What the exercise asks: Repeat exactly the lines below that lie between the line with "Set Implicit Arguments. Unset" and the line with "(* Vectors of", counting both of those lines as part of the answer.
━━━━━ The input
(* Let $r:\mathbb{R}^\ell\to\mathbb{R}^m$ be differentiable with Jacobian $J_r$, let $\mu>0$ be differentiable near $x$ with $\eta=\log\mu$, and suppose $J_r(x)$ has full column rank. Let $p=-J_r^+r$ (all quantities at $x$), $\beta=1-\langle p,\nabla\eta\rangle$, $P=I-J_rJ_r^+$, $\omega=\|Pr\|_2^2\|(J_r^+)^T\nabla\eta\|_2^2+\beta^2$, and assume $\omega\ne0$. Then the Gauss--Newton step for the deflated residual $\mu r$, namely $\hat p=-J_{\mu r}(x)^+\mu(x)r(x)$ with $J_{\mu r}=\mu J_r+r\nabla\mu^T$, satisfies $$\hat p=\beta_1p+\beta_2(J_r^TJ_r)^{-1}\nabla\eta,\qquad \beta_1=\frac{\beta}{\omega},\quad \beta_2=-\frac{\|Pr\|_2^2}{\omega}.$$
   Context: $A^+$ denotes the Moore--Penrose pseudoinverse; for full column rank $J_r$, $J_r^+=(J_r^TJ_r)^{-1}J_r^T$. $\nabla\eta=\mu^{-1}\nabla\mu$. *)

From HB Require Import structures.
From mathcomp Require Import all_boot all_order all_algebra.
From mathcomp Require Import all_classical all_reals all_analysis.
Set Implicit Arguments. Unset Strict Implicit. Unset Printing Implicit Defensive.
Import Order.TTheory GRing.Theory Num.Theory.
Import numFieldNormedType.Exports.
Local Open Scope ring_scope.
Local Open Scope classical_set_scope.

(* Vectors of R^n are encoded as row vectors 'rV[R]_n for the functions
   (domain of differentiation), and as column vectors 'cV[R]_n in the
   linear-algebra formulas. *)

Definition penrose (R : realType) (m n : nat) (A : 'M[R]_(m, n)) (X : 'M[R]_(n, m)) : Prop :=
  [/\ A *m X *m A = A, X *m A *m X = X,
      (A *m X)^T = A *m X & (X *m A)^T = X *m A].

(* Moore--Penrose pseudoinverse A^+ (the unique X satisfying the Penrose
   conditions; it always exists over the reals). *)
Definition mpinv (R : realType) (m n : nat) (A : 'M[R]_(m, n)) : 'M[R]_(n, m) :=
  xget 0 (fun X => penrose A X).

(* The usual m x l Jacobian matrix of r : R^l -> R^m at x
   (MathComp-Analysis' 'J is its transpose, acting on row vectors). *)
Definition Jac (R : realType) (l m : nat) (r : 'rV[R]_l -> 'rV[R]_m) (x : 'rV[R]_l)
  : 'M[R]_(m, l) := (jacobian r x)^T.

Definition grad (R : realType) (l : nat) (mu : 'rV[R]_l -> R) (x : 'rV[R]_l) : 'cV[R]_l :=
  jacobian (fun y => const_mx (mu y) : 'rV[R]_1) x.

Definition dotc (R : realType) (n : nat) (u v : 'cV[R]_n) : R := (u^T *m v) 0 0.
Definition sqnorm2 (R : realType) (n : nat) (v : 'cV[R]_n) : R := dotc v v.

From HB Require Import structures.
From mathcomp Require Import all_boot all_order all_algebra.
From mathcomp Require Import all_classical all_reals all_analysis.
From mathcomp Require Import ring.
Import Order.TTheory GRing.Theory Num.Theory.
Import numFieldNormedType.Exports.
Set Implicit Arguments.
Unset Strict Implicit.
Unset Printing Implicit Defensive.
Local Open Scope ring_scope.

(* The Jacobian of mu r is mu (J + r grad(eta)^T), i.e. mu times a rank-one update A
   of J, and a Gauss-Newton step does not change when both the residual and the
   Jacobian are scaled by mu; hence phat = - A^+ r.  Since omega <> 0, A has full
   column rank, so - A^+ r is the unique solution q of the normal equation
   A^T (A q + r) = 0.  For the claimed q this equation reduces, through J^+ J = I,
   P J = 0 and P^T = P = P^2, to two scalar identities between ||P r||^2,
   ||(J^+)^T grad(eta)||^2 and beta that hold by the definition of omega. *)

Section ScaleDifferential.
Variables (R : numFieldType) (V W : normedModType R).

Lemma scaler_is_bilinear :
  bilinear_for
    (GRing.Scale.Law.clone _ _ *:%R _) (GRing.Scale.Law.clone _ _ *:%R _)
    (@GRing.scale R W).
Proof.
split=> [u'|u] a x y /=.
- by rewrite scalerDl scalerA.
- by rewrite scalerDr scalerA mulrC -scalerA.
Qed.

HB.instance Definition _ := bilinear_isBilinear.Build R R W W _ _
  (@GRing.scale R W) scaler_is_bilinear.

Lemma diff_scalev (k : V -> R) (f : V -> W) x :
  differentiable k x -> differentiable f x ->
  'd (fun y => k y *: f y) x = (fun v => k x *: 'd f x v + 'd k x v *: f x) :> (V -> W).
Proof.
move=> dk df.
pose s : {bilinear R -> W -> W} := @GRing.scale R W.
have s_cont : continuous (fun p : R * W => s p.1 p.2).
  by move=> p; apply: (@scale_continuous R W p).
have -> : (fun y => k y *: f y) = (fun p : R * W => s p.1 p.2) \o (fun y => (k y, f y)) by [].
rewrite diff_comp ?diff_bilin ?diff_pair //; last exact: differentiable_bilin.
exact: differentiable_pair.
Qed.

End ScaleDifferential.

Lemma trmx_jacobian_scalev (R : numFieldType) (l m : nat) (mu : 'rV[R]_l -> R)
    (r : 'rV[R]_l -> 'rV[R]_m) x :
  differentiable mu x -> differentiable r x ->
  (jacobian (fun y => mu y *: r y) x)^T = mu x *: (jacobian r x)^T
    + (r x)^T *m (jacobian (fun y => const_mx (mu y) : 'rV[R]_1) x)^T.
Proof.
move=> dmu dr.
have const_mxE : (fun y => const_mx (mu y) : 'rV[R]_1) = (fun y => mu y *: const_mx 1).
  by apply/funext => y; apply/matrixP => i j; rewrite !mxE mulr1.
have dE := diff_scalev dmu dr.
have dconstE := diffZl (const_mx 1 : 'rV[R]_1) dmu.
rewrite /jacobian.
etransitivity; first exact: (f_equal (fun X => (lin1_mx X)^T) dE).
rewrite const_mxE (f_equal (fun X => (lin1_mx X)^T) dconstE).
apply/matrixP => i j; rewrite !mxE big_ord1 !mxE.
by rewrite mulr1 [r x _ _ * _]mulrC.
Qed.

Lemma Jac_scalev (R : realType) (l m : nat) (mu : 'rV[R]_l -> R)
    (r : 'rV[R]_l -> 'rV[R]_m) x :
  differentiable mu x -> differentiable r x ->
  Jac (fun y => mu y *: r y) x = mu x *: Jac r x + (r x)^T *m (grad mu x)^T.
Proof. exact: trmx_jacobian_scalev. Qed.

Section DotProduct.
Variable R : realType.
Implicit Types (n k : nat).

Lemma dotcC n (u v : 'cV[R]_n) : dotc u v = dotc v u.
Proof. by rewrite /dotc -[u^T *m v]trmxK trmx_mul trmxK mxE. Qed.

Lemma dotc_mulmxr n k (u : 'cV[R]_n) (M : 'M[R]_(n, k)) (v : 'cV[R]_k) :
  dotc u (M *m v) = dotc (M^T *m u) v.
Proof. by rewrite /dotc trmx_mul trmxK mulmxA. Qed.

Lemma dotcDr n (u v w : 'cV[R]_n) : dotc u (v + w) = dotc u v + dotc u w.
Proof. by rewrite /dotc mulmxDr mxE. Qed.

Lemma dotcZr n (u v : 'cV[R]_n) a : dotc u (a *: v) = a * dotc u v.
Proof. by rewrite /dotc -scalemxAr mxE. Qed.

Lemma dotcNr n (u v : 'cV[R]_n) : dotc u (- v) = - dotc u v.
Proof. by rewrite /dotc mulmxN mxE. Qed.

Lemma dotc0l n (u : 'cV[R]_n) : dotc 0 u = 0.
Proof. by rewrite /dotc trmx0 mul0mx mxE. Qed.

Lemma mulmx_rank_one m n (u : 'cV[R]_m) (g v : 'cV[R]_n) :
  u *m g^T *m v = dotc g v *: u.
Proof. by rewrite -mulmxA [g^T *m v]mx11_scalar mul_mx_scalar. Qed.

Lemma sqnorm2_eq0 n (u : 'cV[R]_n) : sqnorm2 u = 0 -> u = 0.
Proof.
rewrite /sqnorm2 /dotc mxE => /eqP; rewrite psumr_eq0 => [/allP u0|i _].
  apply/matrixP => i j; rewrite (ord1 j) !mxE.
  by move: (u0 i (mem_index_enum i)); rewrite mxE mulf_eq0 orbb => /eqP.
by rewrite mxE -expr2 sqr_ge0.
Qed.

End DotProduct.

Lemma col_full_mulmx_eq0 (R : fieldType) m n (A : 'M[R]_(m, n)) :
  \rank A = n -> forall v : 'cV[R]_n, A *m v = 0 -> v = 0.
Proof.
move=> rkA v Av0; have /row_fullP[B BA] : row_full A by rewrite /row_full rkA.
by rewrite -[v]mul1mx -BA -mulmxA Av0 mulmx0.
Qed.

Section FullColumnRank.
Variables (R : realType) (m n : nat) (A : 'M[R]_(m, n)).
Hypothesis A_ker0 : forall v : 'cV[R]_n, A *m v = 0 -> v = 0.

Lemma gram_unitmx : A^T *m A \in unitmx.
Proof.
rewrite unitmxE unitfE; apply/negP => /det0P[v v_neq0 vG0].
have Gv0 : A^T *m A *m v^T = 0.
  by rewrite -[A^T *m A]trmxK trmx_mul trmxK -trmx_mul vG0 trmx0.
have /sqnorm2_eq0/A_ker0 : sqnorm2 (A *m v^T) = 0.
  by rewrite /sqnorm2 dotc_mulmxr mulmxA Gv0 dotc0l.
by move/(congr1 trmx); rewrite trmxK trmx0 => v0; rewrite v0 eqxx in v_neq0.
Qed.

Lemma mpinv_ker0 : mpinv A = invmx (A^T *m A) *m A^T.
Proof.
have G_unit := gram_unitmx; set G := A^T *m A in G_unit *.
have GT : G^T = G by rewrite /G trmx_mul trmxK.
have : exists X, penrose A X.
  exists (invmx G *m A^T); split.
  - by rewrite -!mulmxA -/G mulVmx // mulmx1.
  - by rewrite -!mulmxA [A^T *m (A *m _)]mulmxA -/G mulKmx.
  - by rewrite !trmx_mul trmxK trmx_inv GT mulmxA.
  - by rewrite -mulmxA -/G mulVmx // trmx1.
move=> /(xgetPex 0)[AXA _ AX_sym _]; rewrite /mpinv; set X := xget _ _ in AXA AX_sym *.
have GX : G *m X = A^T by rewrite /G -mulmxA -AX_sym -trmx_mul AXA.
by rewrite -GX mulmxA mulVmx // mul1mx.
Qed.

Lemma mpinv_normal_eq (b : 'cV[R]_m) (q : 'cV[R]_n) :
  A^T *m (A *m q + b) = 0 -> mpinv A *m b = - q.
Proof.
rewrite mulmxDr mpinv_ker0 => /eqP; rewrite addrC addr_eq0 => /eqP ATb.
by rewrite -mulmxA ATb mulmxN [A^T *m (A *m q)]mulmxA mulKmx ?gram_unitmx.
Qed.

End FullColumnRank.

Lemma mpinvZ_mulmxZ (R : realType) m n (A : 'M[R]_(m, n)) (c : R) (b : 'cV[R]_m) :
  (forall v : 'cV[R]_n, A *m v = 0 -> v = 0) -> c != 0 ->
  mpinv (c *: A) *m (c *: b) = mpinv A *m b.
Proof.
move=> A_ker0 c_neq0; have cA_ker0 (v : 'cV[R]_n) : (c *: A) *m v = 0 -> v = 0.
  by rewrite -scalemxAl => /eqP; rewrite scaler_eq0 (negbTE c_neq0) => /eqP/A_ker0.
have cc_unit : c * c \is a GRing.unit by rewrite unitfE mulf_neq0.
have trZ : (c *: A)^T = c *: A^T by apply/matrixP => i j; rewrite !mxE.
have gramZ : (c *: A)^T *m (c *: A) = (c * c) *: (A^T *m A).
  by rewrite trZ -scalemxAl -scalemxAr scalerA.
rewrite (mpinv_ker0 cA_ker0) (mpinv_ker0 A_ker0) gramZ trZ.
rewrite invmxZ ?unitmxZ ?gram_unitmx //.
by rewrite -!scalemxAr -!scalemxAl !scalerA divrr // scale1r.
Qed.

Section RankOneUpdate.
Variables (R : realType) (m l : nat) (J : 'M[R]_(m, l)) (b : 'cV[R]_m) (g : 'cV[R]_l).
Variable Jp : 'M[R]_(l, m).
Hypotheses (gram_unit : J^T *m J \in unitmx) (JpE : Jp = invmx (J^T *m J) *m J^T).

Let Gi := invmx (J^T *m J).
Let p := - (Jp *m b).
Let beta := 1 - dotc p g.
Let P : 'M[R]_m := 1%:M - J *m Jp.
Let a := sqnorm2 (P *m b).
Let c := sqnorm2 (Jp^T *m g).
Let omega := a * c + beta ^+ 2.
Hypothesis omega_neq0 : omega != 0.
Let A := J + b *m g^T.

Let Gi_sym : Gi^T = Gi.
Proof. by rewrite trmx_inv trmx_mul trmxK. Qed.

Let pinv_mulmx : Jp *m J = 1%:M.
Proof. by rewrite JpE -mulmxA mulVmx. Qed.

Let trmx_pinv : Jp^T = J *m Gi.
Proof. by rewrite JpE trmx_mul trmxK Gi_sym. Qed.

Let proj_mulmx : P *m J = 0.
Proof. by rewrite mulmxBl mul1mx -mulmxA pinv_mulmx mulmx1 subrr. Qed.

Let dotc_g_p : dotc g p = 1 - beta.
Proof. by rewrite /beta dotcC opprB addrC subrK. Qed.

Let dotc_g_Gi_g : dotc g (Gi *m g) = c.
Proof.
rewrite /c /sqnorm2 [RHS]dotc_mulmxr trmxK trmx_pinv !mulmxA pinv_mulmx mul1mx.
exact: dotcC.
Qed.

Let dotc_b_Jp : dotc b (J *m p) = a - sqnorm2 b.
Proof.
have PT : P^T = P by rewrite /P linearB /= trmx1 trmx_mul trmx_pinv JpE mulmxA.
have PP : P *m P = P by rewrite {2}/P mulmxBr mulmx1 mulmxA proj_mulmx mul0mx subr0.
have -> : a = dotc b (P *m b) by rewrite /a /sqnorm2 dotc_mulmxr PT mulmxA PP dotcC.
rewrite mulmxBl mul1mx -mulmxA dotcDr dotcNr /p mulmxN dotcNr.
by rewrite /sqnorm2 addrAC subrr add0r.
Qed.

Lemma rank_one_update_ker0 (v : 'cV[R]_l) : A *m v = 0 -> v = 0.
Proof.
rewrite mulmxDl mulmx_rank_one; set t := dotc g v => Av0.
have vE : v = t *: p.
  move/(congr1 (mulmx Jp)): Av0; rewrite mulmxDr mulmxA pinv_mulmx mul1mx mulmx0.
  by rewrite -scalemxAr => /eqP; rewrite addr_eq0 => /eqP ->; rewrite scalerN.
have ta0 : t * a = 0.
  move/(congr1 (mulmx P)): Av0; rewrite mulmxDr mulmxA proj_mulmx mul0mx add0r mulmx0.
  by rewrite -scalemxAr /a /sqnorm2 => tPb0; rewrite -dotcZr tPb0 dotcC dotc0l.
have tbeta0 : t * beta = 0.
  have tE : t = t * (1 - beta) by rewrite {1}/t vE dotcZr dotc_g_p.
  have -> : t * beta = t - t * (1 - beta) by ring.
  by rewrite -tE subrr.
have : t ^+ 2 * omega = 0.
  have -> : t ^+ 2 * omega = (t * a) * (t * c) + (t * beta) ^+ 2 by rewrite /omega; ring.
  by rewrite ta0 tbeta0 mul0r expr0n addr0.
move/eqP; rewrite mulf_eq0 (negbTE omega_neq0) orbF expf_eq0 /= => /eqP t0.
by rewrite vE t0 scale0r.
Qed.

Let dotc_b_JGi_g : dotc b (J *m (Gi *m g)) = beta - 1.
Proof.
rewrite !dotc_mulmxr Gi_sym mulmxA -JpE /beta /p.
by rewrite [dotc (- _) _]dotcC dotcNr [dotc g _]dotcC opprK addrC addKr.
Qed.

Let beta1 := beta / omega.
Let beta2 := - a / omega.
Let q := beta1 *: p + beta2 *: (Gi *m g).

Lemma rank_one_update_normal_eq : A^T *m (A *m q + b) = 0.
Proof.
have gram_q : J^T *m (J *m q) = - beta1 *: (J^T *m b) + beta2 *: g.
  rewrite mulmxA /q mulmxDr -!scalemxAr /p mulmxN JpE /Gi !mulmxA mulmxV //.
  by rewrite !mul1mx scaleNr scalerN.
have dotc_g_q : dotc g q + 1 = beta1.
  rewrite /q dotcDr !dotcZr dotc_g_p dotc_g_Gi_g /beta1 /beta2.
  by move: omega_neq0; rewrite /omega => ?; field.
have dotc_b_Jq : dotc b (J *m q) = - beta2 - beta1 * dotc b b.
  rewrite /q mulmxDr -!scalemxAr dotcDr !dotcZr dotc_b_Jp dotc_b_JGi_g.
  by move: omega_neq0; rewrite /beta1 /beta2 /omega /sqnorm2 => ?; field.
have AT : A^T = J^T + g *m b^T by rewrite /A linearD /= trmx_mul trmxK.
rewrite {2}/A mulmxDl mulmx_rank_one -addrA -{2}[b]scale1r -scalerDl dotc_g_q.
set Jq := J *m q in gram_q dotc_b_Jq *.
rewrite AT mulmxDl !mulmxDr gram_q !mulmx_rank_one dotcZr -scalemxAr dotc_b_Jq.
by apply/matrixP => i j; rewrite !mxE; ring.
Qed.

End RankOneUpdate.

Theorem mainTheorem3 (R : realType) (l m : nat)
  (r : 'rV[R]_l -> 'rV[R]_m) (mu : 'rV[R]_l -> R) (x : 'rV[R]_l) :
  (forall y, differentiable r y) ->
  (\forall y \near x, differentiable mu y /\ 0 < mu y) ->
  \rank (Jac r x) = l ->
  let J := Jac r x in
  let rx : 'cV[R]_m := (r x)^T in
  let Jp := mpinv J in
  let geta : 'cV[R]_l := (mu x)^-1 *: grad mu x in
  let p : 'cV[R]_l := - (Jp *m rx) in
  let beta := 1 - dotc p geta in
  let P : 'M[R]_m := 1%:M - J *m Jp in
  let omega := sqnorm2 (P *m rx) * sqnorm2 (Jp^T *m geta) + beta ^+ 2 in
  omega != 0 ->
  let Jmur := Jac (fun y => mu y *: r y) x in
  let phat : 'cV[R]_l := - (mpinv Jmur *m (mu x *: rx)) in
  let beta1 := beta / omega in
  let beta2 := - (sqnorm2 (P *m rx)) / omega in
  phat = beta1 *: p + beta2 *: (invmx (J^T *m J) *m geta).
Proof.
move=> dr mu_near rkJ J rx Jp geta p beta P omega omega_neq0 Jmur phat beta1 beta2.
have [dmu mu_gt0] := nbhs_singleton mu_near.
have J_ker0 := col_full_mulmx_eq0 rkJ.
have JpE : Jp = invmx (J^T *m J) *m J^T := mpinv_ker0 J_ker0.
have gram_unit := gram_unitmx J_ker0.
have A_ker0 := rank_one_update_ker0 gram_unit JpE omega_neq0.
have Jmur_rank_one : Jmur = mu x *: (J + rx *m geta^T).
  rewrite /Jmur Jac_scalev // scalerDr; congr (_ + _).
  by rewrite /geta [(_ *: _)^T]linearZ /= -!scalemxAr scalerA mulfV ?gt_eqF // scale1r.
rewrite /phat Jmur_rank_one mpinvZ_mulmxZ ?gt_eqF //.
by rewrite (mpinv_normal_eq A_ker0 (rank_one_update_normal_eq gram_unit JpE omega_neq0)) opprK.
Qed.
━━━━━━━━━━
Exercise output:
Set Implicit Arguments. Unset Strict Implicit. Unset Printing Implicit Defensive.
Import Order.TTheory GRing.Theory Num.Theory.
Import numFieldNormedType.Exports.
Local Open Scope ring_scope.
Local Open Scope classical_set_scope.

(* Vectors of R^n are encoded as row vectors 'rV[R]_n for the functions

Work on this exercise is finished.